▶ _ASSIGNMENT_
Write out, word for word, the first line of the data below and every line after it through the one containing "move=> sT out;".

(Stored items)
....................

Lemma spanning_tree_attach_tb (V : finType) (a : rel V) r (X : {set V}) (T : {set V * V}) :
  spanning_tree a r T -> (forall v, v \notin X -> exists w, a v w) ->
  attach_tb a r X #|tree_leaves T :\: X|.
Proof.
move=> sT out; move En: #|tree_leaves T :\: X| => n.
elim: n V a r X T En sT out => [|n IHn] V a r X T En sT out.
  by apply: AT0; exists T; split; rewrite // -setD_eq0 -cards_eq0 En.
have [b bl] : exists b, b \in tree_leaves T :\: X by apply/set0Pn; rewrite -cards_eq0 En.
move: (bl); rewrite inE => /andP[bNX b_leaf]; have [z bz] := out b bNX.
apply: (ATS bz); apply: (IHn _ _ _ _ _ _ (attach_tree_spanning z sT b_leaf)).
  rewrite attach_tree_leaves card_imset; last exact: SS_inj.
  by move: En; rewrite (cardsD1 b) bl => -[].
move=> [[v|]|]; rewrite ?SS_in_att_leaves => vNX; last by rewrite in_setU1 eqxx in vNX.
  have [w vw] := out v vNX; have [[vb _]|vwNbz] := eqVneq (v, w) (b, z).
    by exists (Some None); rewrite /= vb.
  by exists (SS w); rewrite /= vw.
by exists None.
Qed.

Section DetachLeaf.
Variables (V : finType) (a : rel V) (r x z : V) (T' : {set option (option V) * option (option V)}).
Hypotheses (xz : a x z) (zr : z != r) (sT' : spanning_tree (att_rel a x z) (SS r) T').

(* Contract the subdivision vertex [Some None] back into the arc [(x, z)]. *)
Definition detach_tree : {set V * V} :=
  [set e | ((SS e.1, SS e.2) \in T') || ((e == (x, z)) && ((Some None, SS z) \in T'))].

Lemma detach_tree_spanning : spanning_tree a r detach_tree.
Proof.
have arcT' := spanning_tree_arc sT'.
apply: spanning_tree_intro.
- move=> [p q]; rewrite inE /= => /orP[/arcT' /andP[] //|/andP[/eqP[-> ->] _]].
  exact: xz.
- move=> v vr; have [|[[p|]|] pv] := spanning_tree_parent sT' (v := SS v).
  + by apply: contraNneq vr => -[->].
  + by exists p; rewrite inE pv.
  + have /= /eqP vz := arcT' _ pv; subst v.
    by exists x; rewrite inE pv eqxx orbT.
  + by have := arcT' _ pv.
- move=> p q w; rewrite !inE /=.
  have parent_uniq := spanning_tree_parent_uniq sT'.
  case/orP=> [pw|/andP[/eqP[-> wz] uz]]; case/orP=> [qw|/andP[/eqP[-> wz'] uz']] //.
  + by case: (parent_uniq _ _ _ pw qw).
  + by move: pw; rewrite wz' => /parent_uniq/(_ uz').
  + by move: qw; rewrite wz => /parent_uniq/(_ uz).
- move=> u; rewrite inE /= negb_or (spanning_tree_root sT') /= negb_and.
  by rewrite xpair_eqE negb_and (eq_sym r) zr orbT.
move=> v; pose reached q :=
  if q is Some q' then connect (fun u w => (u, w) \in detach_tree) r (odflt x q') else true.
apply: (connect_ind (P := reached) _ _ (spanning_tree_connect sT' (SS v))); first exact: connect0.
move=> [[p|]|] [[q|]|] //= reach_p pq; move: (arcT' _ pq) => /= pq_arc //.
- by apply: connect_trans reach_p (connect1 _); rewrite inE /= pq.
- by move/eqP: pq_arc reach_p => ->.
- move/eqP: pq_arc pq => -> uz; apply: connect_trans reach_p (connect1 _).
  by rewrite inE /= eqxx uz orbT.
Qed.

Lemma detach_tree_leaves X :
  #|tree_leaves detach_tree :\: X| <= #|tree_leaves T' :\: att_leaves X|.+1.
Proof.
set L := tree_leaves detach_tree :\: X.
have sub : [set SS v | v in L :\ x] \subset tree_leaves T' :\: att_leaves X.
  apply/subsetP=> q /imsetP[v + ->]; rewrite in_setD1 !in_setD => /and3P[vx vNX vl].
  rewrite SS_in_att_leaves vNX inE; move: vl; rewrite inE => /forallP leaf_v.
  apply/forallP=> -[[w|]|]; apply/negP=> vw.
  - by have := leaf_v w; rewrite inE /= vw.
  - by have /= := spanning_tree_arc sT' vw; rewrite (negbTE vx).
  - by have := spanning_tree_arc sT' vw.
have := subset_leq_card sub; rewrite card_imset; last exact: SS_inj.
by rewrite (cardsD1 x L) -add1n => le_L; apply: leq_add (leq_b1 _) le_L.
Qed.

End DetachLeaf.

Lemma attach_tb_spanning_tree (V : finType) (a : rel V) r (X : {set V}) n :
  attach_tb a r X n -> (forall u, ~~ a u r) ->
  exists2 T, spanning_tree a r T & #|tree_leaves T :\: X| <= n.
Proof.
elim=> {V a r X n} [V a r X [T [sT leavesX]] _ | V a r X x z n xz _ IHn noRoot].
  by exists T; rewrite // leqn0 cards_eq0 setD_eq0.
have zr : z != r by apply: contraNneq (noRoot x) => <-.
have [|T' sT' leT'] := IHn.
  by move=> [[p|]|] //=; rewrite ?(negbTE (noRoot p)) // eq_sym (negbTE zr).
exists (detach_tree x z T'); first exact: detach_tree_spanning xz zr sT'.
exact: leq_trans (detach_tree_leaves sT' X) _.
Qed.

Theorem theorem6 (V : finType) (a : rel V) (r : V) (X : {set V}) :
  phylo_network a r X ->
  let k := #|omnians a X| - max_matching_size a X in
  [/\ is_min (l_cand a r X) k,
      (exists d, is_min (d_cand a) d /\ d - #|X| = k) &
      is_min (attach_tb a r X) k].
Proof.
move=> netN k; rewrite {}/k.
have [T sT leavesT] := optimal_spanning_tree netN.
have [P pP sizeP] := optimal_path_partition netN.
split.
- split; first by exists T.
  by move=> m [T' [sT' <-]]; exact: (spanning_tree_leaves_bound netN).
- exists (size P); split; last by rewrite sizeP addKn.
  split; first by exists P.
  by move=> m [P' [pP' <-]]; rewrite sizeP; exact: (path_partition_bound netN).
- split; first by rewrite -leavesT; exact: spanning_tree_attach_tb sT (nonleaf_out_arc netN).
  move=> n /attach_tb_spanning_tree [|T' sT' leT']; first exact: (no_arc_to_root netN).
  exact: leq_trans (spanning_tree_leaves_bound netN sT') leT'.
Qed.
Lemma RInt_sin_kernel_du (r : R) : Rabs r < 1 ->
  RInt (fun t => t * sin_kernel_du r t) 0 (PI / 2) = PI / 2 * r / (1 + r * r) + atanc r :> R.
Proof.
  intros Hr.
  assert (Hden := fun t => poisson_den_pos r t Hr).
  assert (Hcont : forall t, continuous (fun t => t * sin_kernel_du r t) t).
  { intros t. specialize (Hden t). unfold sin_kernel_du, poisson_den in *.
    solve_continuous. nra. }
  destruct (Req_dec r 0) as [-> | Hr0].
  - rewrite atanc_0.
    rewrite (RInt_antiderivative (fun t => sin t - t * cos t)); [| | intros; apply Hcont].
    + rewrite sin_PI2, cos_PI2, sin_0, cos_0. field.
    + intros t _. auto_derive; [auto |]. unfold sin_kernel_du, poisson_den. field.
  - assert (Hc1 : forall t, 0 < 1 - r * cos t).
    { intros t. pose proof (COS_bound t). apply Rabs_def2 in Hr. destruct (Rle_dec 0 r); nra. }
    rewrite atanc_neq0 by exact Hr0.
    (* [d/dt atan (r sin t / (1 - r cos t)) = r (cos t - r) / poisson_den r t]. *)
    rewrite (RInt_antiderivative
      (fun t => t * (r - cos t) / poisson_den r t + atan (r * sin t / (1 - r * cos t)) / r));
      [| | intros; apply Hcont].
    + unfold poisson_den. rewrite sin_PI2, cos_PI2, sin_0, cos_0.
      replace (r * 0 / (1 - r * 1)) with 0 by (field; apply Rabs_def2 in Hr; lra).
      replace (r * 1 / (1 - r * 0)) with r by field.
      rewrite atan_0. field. apply Rabs_def2 in Hr.
      repeat split; [exact Hr0 | apply Rgt_not_eq; nra | apply Rgt_not_eq; nra].
    + intros t _. specialize (Hden t). specialize (Hc1 t). unfold sin_kernel_du, poisson_den in *.
      auto_derive; [repeat split; lra |].
      apply Rminus_diag_uniq. field_simplify.
      * replace (sin t ^ 2) with (1 - cos t ^ 2) by (pose proof (sin_sq_add_cos_sq t); lra).
        unfold Rdiv. apply Rmult_eq_0_compat_r. ring.
      * repeat split; try exact Hr0; apply Rgt_not_eq; nra.
Qed.

Definition cos_moment (u : R) : R := RInt (fun t => t * cos_kernel u t) 0 (PI / 2).
Definition sin_moment (u : R) : R := RInt (fun t => t * sin_kernel u t) 0 (PI / 2).

Lemma is_derive_cos_moment (r : R) : Rabs r < 1 ->
  is_derive cos_moment r (PI / 2 / (1 + r * r) - r / 2 * Derive Li2 (- (r * r)) - Derive Li2 r).
Proof.
  intros Hr. rewrite <- RInt_cos_kernel_du by exact Hr.
  apply (is_derive_RInt_param_interval _ (fun u t => t * cos_kernel_du u t) _ _ (-1) 1);
    try (apply Rabs_lt_1_iff; exact Hr); intros u t Hu; apply Rabs_lt_1_iff in Hu.
  - apply is_derive_cos_kernel, Hu.
  - apply continuity_2d_pt_cos_kernel_du, Hu.
  - pose proof (poisson_den_pos u t Hu). unfold cos_kernel, poisson_den in *. solve_continuous. lra.
Qed.

Lemma is_derive_sin_moment (r : R) : Rabs r < 1 ->
  is_derive sin_moment r (PI / 2 * r / (1 + r * r) + atanc r).
Proof.
  intros Hr. rewrite <- RInt_sin_kernel_du by exact Hr.
  apply (is_derive_RInt_param_interval _ (fun u t => t * sin_kernel_du u t) _ _ (-1) 1);
    try (apply Rabs_lt_1_iff; exact Hr); intros u t Hu; apply Rabs_lt_1_iff in Hu.
  - apply is_derive_sin_kernel, Hu.
  - apply continuity_2d_pt_sin_kernel_du, Hu.
  - pose proof (poisson_den_pos u t Hu). unfold sin_kernel, poisson_den in *. solve_continuous. lra.
Qed.

Lemma cos_moment_eq (r : R) : Rabs r < 1 ->
  cos_moment r = PI / 2 * atan r + / 4 * Li2 (- (r * r)) - Li2 r.
Proof.
  intros Hr.
  assert (Hseg : forall t, Rmin 0 r <= t <= Rmax 0 r -> Rabs t < 1).
  { intros t Ht. apply Rabs_lt_1_iff. apply Rabs_lt_1_iff in Hr. unfold Rmin, Rmax in Ht.
    destruct Rle_dec; lra. }
  apply (eq_of_is_derive_same cos_moment
    (fun r => PI / 2 * atan r + / 4 * Li2 (- (r * r)) - Li2 r)
    (fun r => PI / 2 / (1 + r * r) - r / 2 * Derive Li2 (- (r * r)) - Derive Li2 r) 0 r).
  - intros t Ht. apply is_derive_cos_moment, Hseg, Ht.
  - intros t Ht. specialize (Hseg t Ht).
    assert (Hsq : Rabs (- (t * t)) < 1).
    { rewrite Rabs_Ropp, Rabs_pos_eq by nra. apply Rabs_lt_1_iff in Hseg. nra. }
    pose proof (is_derive_Li2 _ Hseg). pose proof (is_derive_Li2 _ Hsq).
    auto_derive.
    + repeat split; eexists; eauto.
    + change (Derive (fun x => Li2 x)) with (Derive Li2).
      replace (- (t * t)) with (- (t * (t * 1))) by ring. field. nra.
  - unfold cos_moment, cos_kernel.
    rewrite (RInt_ext_R _ (fun _ => 0)) by (intros t _; unfold Rdiv; ring).
    rewrite RInt_R_const, atan_0. replace (- (0 * 0)) with 0 by ring.
    rewrite Li2_0. ring.
Qed.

....................

▶ _RESULT OF THE EXERCISE_
Lemma spanning_tree_attach_tb (V : finType) (a : rel V) r (X : {set V}) (T : {set V * V}) :
  spanning_tree a r T -> (forall v, v \notin X -> exists w, a v w) ->
  attach_tb a r X #|tree_leaves T :\: X|.
Proof.
move=> sT out; move En: #|tree_leaves T :\: X| => n.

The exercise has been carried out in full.